The other driver, miraculously, was uninjured. Just a few bruises and a bit of stiffness. The accident was totally Gramma's fault--she ran a stop sign and barreled into 55-mph cross-traffic. However, there have been many serious-injury accidents at that same intersection, another one just four days later.

Between visiting hours with Gramma in the hospital, my dad and I moved the cheesy laminate 'guest room' furniture out of Gramma's room. I painted the walls a pretty butterwheat yellow, shampooed the carpet (they were nasty since she didn't make Dinky wear his diaper in her bedroom), and moved in the set my mom and her sisters once used (two twin beds, a dresser and a vanity) that Gramma had insisted we haul to Texas. Bought all new bedding and sewed up matching curtains. Stamped butterflies on the walls, and re-wallpapered the adjoining bathroom, and bought new bath rugs and towels. I held my breath as my grandmother saw it all for the first time, but she grinned, and even without her glasses, noticed the big butterflies on the walls.

So that's where I've been for the last month. I'm still playing relief nursemaid at my mom's house, and trying to catch up on laundry and housework. But hopefully life will calm down for the next few weeks. :-) Here's hoping for a very boring rest of the month...

3 comments:

Eva Gale said...

Holy &%$@.

My FIL has Alzheimers, so I know how it is and I sympathize.

Unknown said...

Well, at least she won't be able to drive anymore. With my grandmother, we've found thinks sink in better when they come from a male doctor, if that helps. We had him write a perscription for her Alzheimer's care center, and when her drivers liscence was revoked following an accident (thank goodness no one was hurt in hers).

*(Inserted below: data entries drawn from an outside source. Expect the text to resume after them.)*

(* Let D be the bridge distance from u in delta(G). Along a path from u to v
   in delta(G) every layer k <= D(v) is entered by a bridge (x, y) with
   D(x) = k - 1 and D(y) = k, and the whole G-component of y lies in layer k.
   Record for such a bridge the rank-q types (q the quantifier rank of phi) of
   the tuples (a, x, y) and (a, y, x) relative to the G-component of y. If D(v)
   exceeded the arity of rho plus the number of possible records, two layers
   k1 < k2 free of parameters would carry bridges (x1, y1), (x2, y2) with equal
   records. Exchanging the G-components of y1 and y2 is invisible to formulas of
   rank q (a back-and-forth argument), so the condition that inserted x1 y1 also
   inserts x1 y2, whence D(y2) <= k1 < k2, a contradiction. *)

Lemma exists_forall_transfer (T : finType) (P1 P2 : pred T) (S : T -> T -> Prop) :
  (forall t1, exists t2, S t1 t2) -> (forall t2, exists t1, S t1 t2) ->
  (forall t1 t2, S t1 t2 -> P1 t1 = P2 t2) ->
  [exists t, P1 t] = [exists t, P2 t] /\ [forall t, P1 t] = [forall t, P2 t].
Proof.
move=> forth back eqP12; split.
- apply/existsP/existsP => [[t1 h]|[t2 h]].
  + by have [t2 s] := forth t1; exists t2; rewrite -(eqP12 _ _ s).
  + by have [t1 s] := back t2; exists t1; rewrite (eqP12 _ _ s).
- apply/forallP/forallP => h t.
  + by have [t1 s] := back t; rewrite -(eqP12 _ _ s).
  + by have [t2 s] := forth t; rewrite (eqP12 _ _ s).
Qed.

Lemma pigeonhole_sorted (K : finType) (f : nat -> K) (s : seq nat) :
  sorted ltn s -> #|K| < size s ->
  exists k1 k2, [/\ k1 \in s, k2 \in s, k1 < k2 & f k1 = f k2].
Proof.
move=> sorted_s; rewrite ltnNge => large.
have : ~~ uniq (map f s).
  by apply: contra large => /card_uniqP; rewrite size_map => <-; apply: max_card.
case/(uniqPn (f 0)) => i [j [ij]]; rewrite size_map => js.
have i_s := ltn_trans ij js; rewrite !(nth_map 0) // => fij.
exists (nth 0 s i), (nth 0 s j); split; rewrite ?mem_nth //.
exact: (sorted_ltn_nth ltn_trans 0 sorted_s i j i_s js ij).
Qed.

Lemma size_filter_notin_iota (b : seq nat) i m :
  m - size b <= size [seq k <- iota i m | k \notin b].
Proof.
have le_b : count (mem b) (iota i m) <= size b.
  rewrite -size_filter; apply: uniq_leq_size; first exact/filter_uniq/iota_uniq.
  by move=> x; rewrite mem_filter => /andP [].
have := count_predC (mem b) (iota i m).
rewrite size_filter size_iota; change (count (predC (mem b)) (iota i m)) with
  (count (fun k => k \notin b) (iota i m)); lia.
Qed.

Fixpoint qrank (f : fo) : nat :=
  match f with
  | FNot g => qrank g
  | FAnd g h | FOr g h => maxn (qrank g) (qrank h)
  | FEx _ g | FAll _ g => (qrank g).+1
  | _ => 0
  end.

Fixpoint var_bound (f : fo) : nat :=
  match f with
  | FTrue => 0
  | FEdge x y | FEq x y => (maxn x y).+1
  | FNot g => var_bound g
  | FAnd g h | FOr g h => maxn (var_bound g) (var_bound h)
  | FEx j g | FAll j g => maxn j.+1 (var_bound g)
  end.

Section RelativizedTypes.
Variable n : nat.

Definition atom_typeT : finType :=
  ({ffun 'I_n -> bool} * {ffun 'I_n * 'I_n -> bool} * {ffun 'I_n * 'I_n -> bool})%type.

Fixpoint rtypeT (q : nat) : finType :=
  match q with
  | 0 => atom_typeT
  | q'.+1 => (atom_typeT * {ffun 'I_n -> {set rtypeT q'}})%type
  end.

Definition rtype_atom q : rtypeT q -> atom_typeT :=
  match q with 0 => id | _.+1 => fst end.

Variables (T : finType) (E : rel T).

Definition rel_in (A : {set T}) (R : rel T) (e : nat -> T) : {ffun 'I_n * 'I_n -> bool} :=
  [ffun ij : 'I_n * 'I_n => [&& e ij.1 \in A, e ij.2 \in A & R (e ij.1) (e ij.2)]].

Definition atom_type (A : {set T}) (e : nat -> T) : atom_typeT :=
  ([ffun i : 'I_n => e i \in A], rel_in A E e, rel_in A eq_op e).

(* The rank-[q] type of the variables [0..n-1] in the structure induced on
   [A]: of a variable outside [A] only that fact is recorded, while the
   quantifiers range over all of [T]. *)
Fixpoint rtype q (A : {set T}) (e : nat -> T) : rtypeT q :=
  match q with
  | 0 => atom_type A e
  | q'.+1 => (atom_type A e, [ffun j : 'I_n => [set rtype q' A (upd e j t) | t : T]])
  end.

Lemma rtype_atomE q A e : rtype_atom (rtype q A e) = atom_type A e.
Proof. by case: q. Qed.

Definition agree_in (A : {set T}) (e e' : nat -> T) :=
  forall i, e i = e' i \/ (e i \notin A /\ e' i \notin A).

Lemma agree_in_upd A e e' j t : agree_in A e e' -> agree_in A (upd e j t) (upd e' j t).
Proof. by move=> H i; rewrite /upd; case: (i == j); [left | exact: H]. Qed.

Lemma atom_type_agree A e e' : agree_in A e e' -> atom_type A e = atom_type A e'.
Proof.
move=> H.
have mem i : (e i \in A) = (e' i \in A) by case: (H i) => [->|[/negbTE-> /negbTE->]].
have rel R : rel_in A R e = rel_in A R e'.
  apply/ffunP=> -[i j]; rewrite !ffunE /=.
  by case: (H i) (H j) => [->|[/negbTE-> /negbTE->]] [->|[/negbTE-> /negbTE->]].
by rewrite /atom_type !rel; congr (_, _, _); apply/ffunP=> i; rewrite !ffunE mem.
Qed.

Lemma rtype_agree q A e e' : agree_in A e e' -> rtype q A e = rtype q A e'.
Proof.
elim: q e e' => [|q IH] e e' H /=; first exact: atom_type_agree.
rewrite (atom_type_agree H); congr (_, _); apply/ffunP=> j; rewrite !ffunE.
by apply: eq_imset => t; apply/IH/agree_in_upd.
Qed.

Lemma rtype_mem q A B e e' i :
  rtype q A e = rtype q B e' -> i < n -> (e i \in A) = (e' i \in B).
Proof.
move=> /(congr1 (@rtype_atom q)); rewrite !rtype_atomE => -[/ffunP eqA _ _] hi.
by have := eqA (Ordinal hi); rewrite !ffunE.
Qed.

Lemma rtype_rel q A B e e' :
  rtype q A e = rtype q B e' ->
  rel_in A E e = rel_in B E e' /\ rel_in A eq_op e = rel_in B eq_op e'.
Proof. by move=> /(congr1 (@rtype_atom q)); rewrite !rtype_atomE => -[]. Qed.

Lemma rtype_forth q A B e e' j t : rtype q.+1 A e = rtype q.+1 B e' -> j < n ->
  exists t', rtype q B (upd e' j t') = rtype q A (upd e j t).
Proof.
move=> /(congr1 snd) /ffunP eqj hj; have := eqj (Ordinal hj); rewrite !ffunE => eqS.
have : rtype q A (upd e j t) \in [set rtype q A (upd e j t0) | t0 : T] by apply: imset_f.
by rewrite eqS => /imsetP [t' _ ->]; exists t'.
Qed.

Lemma rtype_outside q A B e e' j t t' :
  rtype q.+1 A e = rtype q.+1 B e' -> j < n -> t \notin A -> t' \notin B ->
  rtype q A (upd e j t) = rtype q B (upd e' j t').
Proof.
move=> eqAB hj tA t'B; have [t'' eq''] := rtype_forth t eqAB hj.
have t''B : t'' \notin B by move: (rtype_mem eq'' hj); rewrite /upd eqxx => ->.
rewrite -eq''; apply: rtype_agree => i; rewrite /upd.
by case: (i == j); [right | left].
Qed.

(* [e2] is [e1] with the roles of [K] and [K'] exchanged, up to rank-[q] types. *)
Definition swap_equiv (K K' : {set T}) q (e1 e2 : nat -> T) :=
  [/\ forall i, i < n -> e1 i \notin K -> e1 i \notin K' -> e1 i = e2 i,
      rtype q K e1 = rtype q K' e2 & rtype q K' e1 = rtype q K e2].

Lemma swap_equivC (K K' : {set T}) q e1 e2 :
  swap_equiv K K' q e1 e2 -> swap_equiv K' K q e1 e2.
Proof. by case=> out eKK' eK'K; split=> // i hi h' h; apply: out. Qed.

Lemma swap_equiv_sym (K K' : {set T}) q e1 e2 :
  swap_equiv K K' q e1 e2 -> swap_equiv K' K q e2 e1.
Proof.
case=> out eKK' eK'K; split=> // i hi h' h; symmetry.
by apply: out; rewrite ?(rtype_mem eKK' hi) ?(rtype_mem eK'K hi).
Qed.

It is a long road. Try to find a support group for Alzheimer's caregivers. Seriously. I am not a support group person, but this is an ugly, spiraling disease which you can only understand by watching it. It's hard to lose people pieces at a time, worse to watch them losing peices of themselves.

Beaver said...

I read this post for the first time last week sometime when you decided to resurrect this blog. For a long time I didn't want to come back and visit after the accident because it felt like bad things were always happening. It was just too much. Thankfully, we've had a (relatively) uneventful year.

I will tell you that to this day I have an extreme emotional response to ambulance sirens. Lord help me if I'm driving and an ambulance comes screaming past...I fall apart. I hope I never have to chase an ambulance again.